Мать — на зависть всем, с приданным богатым, да и в теле была. Приневолил её служивый в кожанке, с маузером в руке. Жестокий был командир! Кто против слово скажет, тому пулю в лоб — и вся недолга. Нет человека – нет проблемы! Ни детей, ни родственников ни жалел. А заматерел – ещё злей стал. Своих бывших друзей всех до единого в лагерях сгноил. К старости совсем из ума выжил. Всё на грудь себе ордена вешал, не хуже девки на выданье любовался побрякушками, да камешкам радовался. Так, алмазный орденок в кулаке зажав, и помер с блаженной улыбкой.
Матушка в возрасте уж третий раз замуж вышла. Опять не за старого. Позарилась… А что? Женщина справная, хозяйство в достатке. Но муж её очередной, по-моему, сволочь отъявленная оказался. Часть материнского добра дружкам роздал, чтобы его любили. Не полюбили. Часть по дешёвке распродал. Часть пропил. Из детей — лизоблюдов пригрел, остальных в чёрном теле держит. Кто мать охаивает, кто пьянство прославляет, кто устои семейные рушит и самые грязные пороки свои на свет выворачивает, да в заслугу ставит – тех хвалит. Кто же работает, старается семейное сберечь и преумножить, кто славной историей своей гордится – тех гноит, в чёрном теле держит.
Тяжко нам с отчимом живётся.
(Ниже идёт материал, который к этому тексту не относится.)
Lemma is_lim_seq_ca ka (ca : nat -> R) :
  0 <= ka -> vbar * (1 - exp (- ka)) / a = ka ->
  (forall k, 0 <= k -> vbar * (1 - exp (- k)) / a = k -> k <= ka) ->
  eventually (fun n => (1 <= n)%nat /\ in_supp a ch (ca n) /\ vbar * Phi n F (ca n) 1 = ca n) ->
  is_lim_seq (fun n => INR n * F (ca n)) ka.
Proof.
  intros Hka Hfix Hmax Hev.
  assert (Hbounds : eventually (fun n => in_supp a ch (ca n) /\ INR n * F (ca n) <= vbar / a /\
      vbar * poisson_share (INR n * F (ca n)) <= ca n <=
      vbar * poisson_share (INR n * F (ca n)) + vbar * F (ca n))).
  { revert Hev. apply filter_imp. intros n [Hn [Hc Hfn]]. split; [exact Hc|].
    apply ca_bounds; assumption. }
  assert (Hsupp : eventually (fun n => in_supp a ch (ca n)))
    by (revert Hbounds; apply filter_imp; tauto).
  assert (HF0 : is_lim_seq (fun n => F (ca n)) 0).
  { apply (is_lim_seq_0_of_INR_mul_le _ (vbar / a)). revert Hbounds. apply filter_imp.
    intros n [Hc [HK _]]. split; [apply F_ge_0, Hc | exact HK]. }
  assert (Hca : is_lim_seq ca a) by (apply is_lim_seq_lo_of_F; assumption).
  assert (Hshare : is_lim_seq (fun n => vbar * poisson_share (INR n * F (ca n))) a).
  { apply (is_lim_seq_close ca _ _ vbar a Hca HF0). revert Hbounds. apply filter_imp.
    intros n [_ [_ Hb]]. rewrite Rabs_minus_sym. apply Rabs_le. lra. }
  rewrite <- (poisson_share_at_ka a vbar ka Ha Hav Hka Hfix Hmax) in Hshare.
  apply (is_lim_seq_of_decreasing_comp (fun k => vbar * poisson_share k));
    [| exact Hka | | exact Hshare].
  - intros x y Hx Hxy. apply Rmult_lt_compat_l; [lra | apply poisson_share_decr; assumption].
  - revert Hsupp. apply filter_imp. intros n Hn.
    apply Rmult_le_pos; [apply pos_INR | apply F_ge_0, Hn].
Qed.

End PublicProgram.

Section PrivateProgram.

Variables (L : nat) (w mu q : nat -> R).
Hypothesis Hbugs : forall l, (l < L)%nat -> 0 < mu l <= 1 /\ 0 < q l <= 1 /\ 0 <= w l.
Let W := sumL L (fun l => w l * mu l * q l).

Lemma ct_bounds n c : in_supp a ch c -> Omega L w mu q F f n c = c ->
  poisson_payoff L w mu q (INR (n - 1) * F c) - W * (INR (n - 1) * F c * F c)
    <= c + F c / f c <= poisson_payoff L w mu q (INR (n - 1) * F c).
Proof.
  intros Hc Hfix. unfold Omega in Hfix.
  pose proof (F_ge_0 c Hc). pose proof (F_le_1 c Hc).
  set (m := (n - 1)%nat) in *. set (p := F c) in *.
  assert (Hterm : forall l, (l < L)%nat ->
    0 <= w l * mu l * q l /\
    exp (- q l * (INR m * p)) - INR m * p * p <= (1 - q l * p) ^ m <= exp (- q l * (INR m * p))).
  { intros l Hl. destruct (Hbugs l Hl) as [[? ?] [[? ?] ?]].
    split; [apply Rmult_le_pos; [apply Rmult_le_pos|]; lra|].
    replace (- q l * (INR m * p)) with (- (INR m * (q l * p))) by ring.
    destruct (one_sub_pow_bounds (q l * p) m ltac:(split; nra)) as [Hlo Hhi].
    assert (INR m * (q l * p * (q l * p)) <= INR m * p * p).
    { replace (INR m * p * p) with (INR m * (p * p)) by ring.
      apply Rmult_le_compat_l; [apply pos_INR|].
      assert (0 <= q l * p <= p) by (split; nra). nra. }
    lra. }
  replace (c + p / f c) with (sumL L (fun l => w l * mu l * q l * (1 - q l * p) ^ m)) by lra.
  split.
  - replace (poisson_payoff L w mu q (INR m * p) - W * (INR m * p * p))
      with (sumL L (fun l => w l * mu l * q l * exp (- q l * (INR m * p)) +
                             - (INR m * p * p) * (w l * mu l * q l)))
      by (rewrite sumL_plus_scal; unfold poisson_payoff, W; ring).
    apply sumL_le. intros l Hl. destruct (Hterm l Hl) as [Hw [Hlo _]]. nra.
  - apply sumL_le. intros l Hl. destruct (Hterm l Hl) as [Hw [_ Hhi]].
    apply Rmult_le_compat_l; assumption.
Qed.

Variable kt : R.
Hypothesis HW : a <= W.
Hypothesis Hpay : poisson_payoff L w mu q kt = a.

Lemma ct_index_le n c : in_supp a ch c -> Omega L w mu q F f n c = c ->
  INR (n - 1) * F c <= kt.
Proof.
  intros Hc Hfix. destruct (ct_bounds n c Hc Hfix) as [_ Hhi].
  assert (0 <= F c / f c) by (apply Rdiv_le_0_compat; [apply F_ge_0 | apply Hf]; exact Hc).
  (* [payoff ((n - 1) F c) >= c + F c / f c >= a = payoff kt]. *)
  apply Rnot_lt_le. intros Hlt.
  pose proof (poisson_payoff_decr L w mu q _ _ Hbugs ltac:(fold W; lra) Hlt).
  pose proof (proj1 Hc). lra.
Qed.

Lemma is_lim_seq_ct (ct : nat -> R) : 0 <= kt ->
  eventually (fun n => (1 <= n)%nat /\ in_supp a ch (ct n) /\ Omega L w mu q F f n (ct n) = ct n) ->
  is_lim_seq (fun n => INR n * F (ct n)) kt.
Proof.
  intros Hkt Hev. set (k n := INR (n - 1) * F (ct n)).
  assert (Hb : eventually (fun n => (1 <= n)%nat /\ in_supp a ch (ct n) /\ 0 <= k n <= kt /\
      poisson_payoff L w mu q (k n) - W * (k n * F (ct n)) <= ct n + F (ct n) / f (ct n) /\
      ct n + F (ct n) / f (ct n) <= poisson_payoff L w mu q (k n))).
  { revert Hev. apply filter_imp. intros n [Hn [Hc Hfix]].
    pose proof (ct_bounds n (ct n) Hc Hfix). pose proof (ct_index_le n (ct n) Hc Hfix).
    assert (0 <= k n) by (apply Rmult_le_pos; [apply pos_INR | apply F_ge_0, Hc]).
    split; [exact Hn | split; [exact Hc | split; [split | ]; assumption]]. }
  assert (Hsupp : eventually (fun n => in_supp a ch (ct n)))
    by (revert Hb; apply filter_imp; tauto).
  assert (Hsplit : eventually (fun n => INR n * F (ct n) = k n + F (ct n))).
  { revert Hb. apply filter_imp. intros n [Hn _]. unfold k. rewrite minus_INR by exact Hn.
    simpl. ring. }
  assert (HF0 : is_lim_seq (fun n => F (ct n)) 0).
  { apply (is_lim_seq_0_of_INR_mul_le _ (kt + 1)).
    generalize (filter_and _ _ Hb Hsplit). apply filter_imp. intros n [[_ [Hc [Hk _]]] ->].
    pose proof (F_le_1 _ Hc). split; [apply F_ge_0, Hc | lra]. }
  assert (Hc : is_lim_seq ct a) by (apply is_lim_seq_lo_of_F; assumption).
  assert (Hx : is_lim_seq (fun n => ct n + F (ct n) / f (ct n)) a).
  { pose proof (is_lim_seq_plus' _ _ _ _ Hc (is_lim_seq_F_div_f ct Hsupp Hc)) as Hsum.
    rewrite Rplus_0_r in Hsum. exact Hsum. }
  assert (Hpayk : is_lim_seq (fun n => poisson_payoff L w mu q (k n)) a).
  { apply (is_lim_seq_close _ _ _ (W * kt) a Hx HF0). revert Hb. apply filter_imp.
    intros n [_ [Hc' [Hk [Hlo Hhi]]]]. pose proof (F_ge_0 _ Hc').
    assert (W * (k n * F (ct n)) <= W * kt * F (ct n)).
    { rewrite Rmult_assoc. apply Rmult_le_compat_l; [lra | apply Rmult_le_compat_r; lra]. }
    apply Rabs_le. lra. }
  rewrite <- Hpay in Hpayk.
  assert (Hk : is_lim_seq k kt).
  { apply (is_lim_seq_of_decreasing_comp (poisson_payoff L w mu q)); try assumption.
    - intros x y _ Hxy. apply poisson_payoff_decr; [exact Hbugs | fold W; lra | exact Hxy].
    - revert Hb. apply filter_imp. intros n Hn. apply Hn. }
  apply (is_lim_seq_ext_loc (fun n => k n + F (ct n))).
  - revert Hsplit. apply filter_imp. intros n Hn. symmetry. exact Hn.
  - pose proof (is_lim_seq_plus' _ _ _ _ Hk HF0) as Hsum. rewrite Rplus_0_r in Hsum. exact Hsum.
Qed.

End PrivateProgram.
End CostDistribution.

Theorem lemma7
  (* bugs *)
  (L : nat) (w mu q : nat -> R)
  (Hbugs : forall l, (l < L)%nat -> 0 < mu l <= 1 /\ 0 < q l <= 1 /\ 0 <= w l)
  (* cost distribution *)
  (c_lo : R) (c_hi : Rbar) (F f : R -> R)
  (Hclo : 0 < c_lo) (Hchi : Rbar_lt (Finite c_lo) c_hi)
  (HF_below : forall x, x < c_lo -> F x = 0)
  (HF_dens : forall x, in_supp c_lo c_hi x -> is_RInt f c_lo x (F x))
  (HF_above : forall x, Rbar_lt c_hi (Finite x) -> F x = 1)
  (HF_mass : is_lim F c_hi 1)
  (Hf_pos : forall x, in_supp c_lo c_hi x -> 0 < f x)
  (Hreg : forall x y, in_supp c_lo c_hi x -> in_supp c_lo c_hi y -> x <= y ->
            F x / f x <= F y / f y)
  (* budget *)
  (vbar : R) (Hv : 0 < vbar) (Hvc : c_lo <= vbar)
  (Hsum : c_lo <= sumL L (fun l => w l * mu l * q l))
  (* c~_n : the unique fixed point of Omega_n *)
  (ct : nat -> R)
  (Hct : exists N, forall n, (N <= n)%nat -> (1 <= n)%nat ->
     in_supp c_lo c_hi (ct n) /\ Omega L w mu q F f n (ct n) = ct n /\
     (forall c, in_supp c_lo c_hi c -> Omega L w mu q F f n c = c -> c = ct n))
  (* c_{a,n}(vbar) : the unique fixed point of c |-> vbar * Phi_n(c; 1) *)
  (ca : nat -> R)
  (Hca : exists N, forall n, (N <= n)%nat -> (1 <= n)%nat ->
     in_supp c_lo c_hi (ca n) /\ vbar * Phi n F (ca n) 1 = ca n /\
     (forall c, in_supp c_lo c_hi c -> vbar * Phi n F c 1 = c -> c = ca n))
  (* kappa~ : the unique root in [0,oo) of sum_l w mu q e^{-q k} - c_lo *)
  (kt : R)
  (Hkt : 0 <= kt /\
     sumL L (fun l => w l * mu l * q l * exp (- q l * kt)) - c_lo = 0 /\
     (forall k, 0 <= k ->
        sumL L (fun l => w l * mu l * q l * exp (- q l * k)) - c_lo = 0 -> k = kt))
  (* kappa_a(vbar) : the largest fixed point in [0,oo) of k |-> vbar (1 - e^{-k}) / c_lo *)
  (ka : R)
  (Hka : 0 <= ka /\ vbar * (1 - exp (- ka)) / c_lo = ka /\
     (forall k, 0 <= k -> vbar * (1 - exp (- k)) / c_lo = k -> k <= ka)) :
  is_lim_seq (fun n => INR n * F (Rmin (ct n) (ca n))) (Rmin kt ka).
Proof.
  assert (Hev_ct : eventually (fun n => (1 <= n)%nat /\ in_supp c_lo c_hi (ct n) /\
                                        Omega L w mu q F f n (ct n) = ct n)).
  { destruct Hct as [N HN]. exists (Nat.max N 1). intros n Hn.
    destruct (HN n ltac:(lia) ltac:(lia)) as [Hs [Hfix _]]. split; [lia | split; assumption]. }
  assert (Hev_ca : eventually (fun n => (1 <= n)%nat /\ in_supp c_lo c_hi (ca n) /\
                                        vbar * Phi n F (ca n) 1 = ca n)).
  { destruct Hca as [N HN]. exists (Nat.max N 1). intros n Hn.
    destruct (HN n ltac:(lia) ltac:(lia)) as [Hs [Hfix _]]. split; [lia | split; assumption]. }
  destruct Hkt as [Hkt0 [Hkt_root _]]. destruct Hka as [Hka0 [Hka_fix Hka_max]].
  pose proof (is_lim_seq_ct c_lo c_hi F f Hchi HF_dens Hf_pos HF_mass Hreg Hclo
    L w mu q Hbugs kt Hsum ltac:(unfold poisson_payoff; lra) ct Hkt0 Hev_ct) as Hlim_ct.
  pose proof (is_lim_seq_ca c_lo c_hi F f Hchi HF_dens Hf_pos HF_mass Hclo
    vbar Hvc ka ca Hka0 Hka_fix Hka_max Hev_ca) as Hlim_ca.
  apply (is_lim_seq_ext_loc (fun n => Rmin (INR n * F (ct n)) (INR n * F (ca n))));
    [| apply is_lim_seq_Rmin; assumption].
  generalize (filter_and _ _ Hev_ct Hev_ca). apply filter_imp.
  intros n [[_ [Hs_ct _]] [_ [Hs_ca _]]]. symmetry.
  apply (scal_F_Rmin c_lo c_hi F f HF_dens Hf_pos); [apply pos_INR | assumption..].
Qed.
Глянет кто в наши поля, а он: «Не ходи в те поля, они чужие — я продал их и получил за то деньги». Повернётся кто к нашему морю, а он: «Не смей отдыхать на тех берегах, они чужие — я отдал их нужным людям, чтобы заключить с ними выгодные сделки». Когда бандиты выбили мне зубы и сломали нос, мой отчим, не захотевший защитить меня от нападавших, сказал: «Живи без зубов и с кривым носом – лекарства нынче дороги, а денег у меня на твоё лечение нет». Когда я лежал больной, и трясла меня лихорадка, отчим загасил мой камин, отключил горячую воду и сказал: «Ты не имеешь права пользоваться этими благами, потому что второй месяц не платишь за свет и тепло». Семейные иконы, которые хранили наш род много веков, «ради дружбы» нужным людям в заграницу отдал.
Да что зубы, что лихорадка! Когда иноземцы-кредиторы мать насиловали, он рядом сидел в кресле, курил дарёную насильниками сигару – из тех красивых, которые в приличном обществе на хвалёном западе курить не принято, пил забесплатно налитый ему «Наполеон» – дешёвую подделку, кстати говоря, и пожимал плечами: «А мне больше нечем долги отдавать – только натурой!»
С кредиторами «расплатившись» и спровадив их, тут же повёл компаньонов в ресторан обмыть это дело. Пили вино французское, по пяти тысяч долларов за бутылку, шейки и хвосты какие-то в изысканном маринаде откушивали… За вечер в узком кругу денег пропили столько, сколько я за сорок лет не заработаю.
Что за семья такая страшная у меня, спросите вы? Какого мы роду-племени? Роду-племени мы знатного. Мать наша любому известна – Россией её зовут. Только с мужьями ей не везёт. Сначала была повенчана с государством царским, потом её взяли силой и властью советской, а нынче… С последним браком матери не повезло больше всего. Называет себя отчим дипломированным рыночником, да врёт, поди, неуч. С дикого базара он. Мать, жену и родных детей продаст задёшево – только порадуется. Но кажется мне – и не торгаш он вовсе, а бессовестный клоун с базарного балагана, который народ дурить привадился. То явится с лысой головой, голубями обгаженной, то под пьяного больного косит, то в злого рыжего обрядится. «Замочу! – кричит, — всех!»
Но как бы хитёр не был вор или шулер какой — схватят его за руку непременно, дело во времени только. А толпа базарная к жуликам зла – замочат!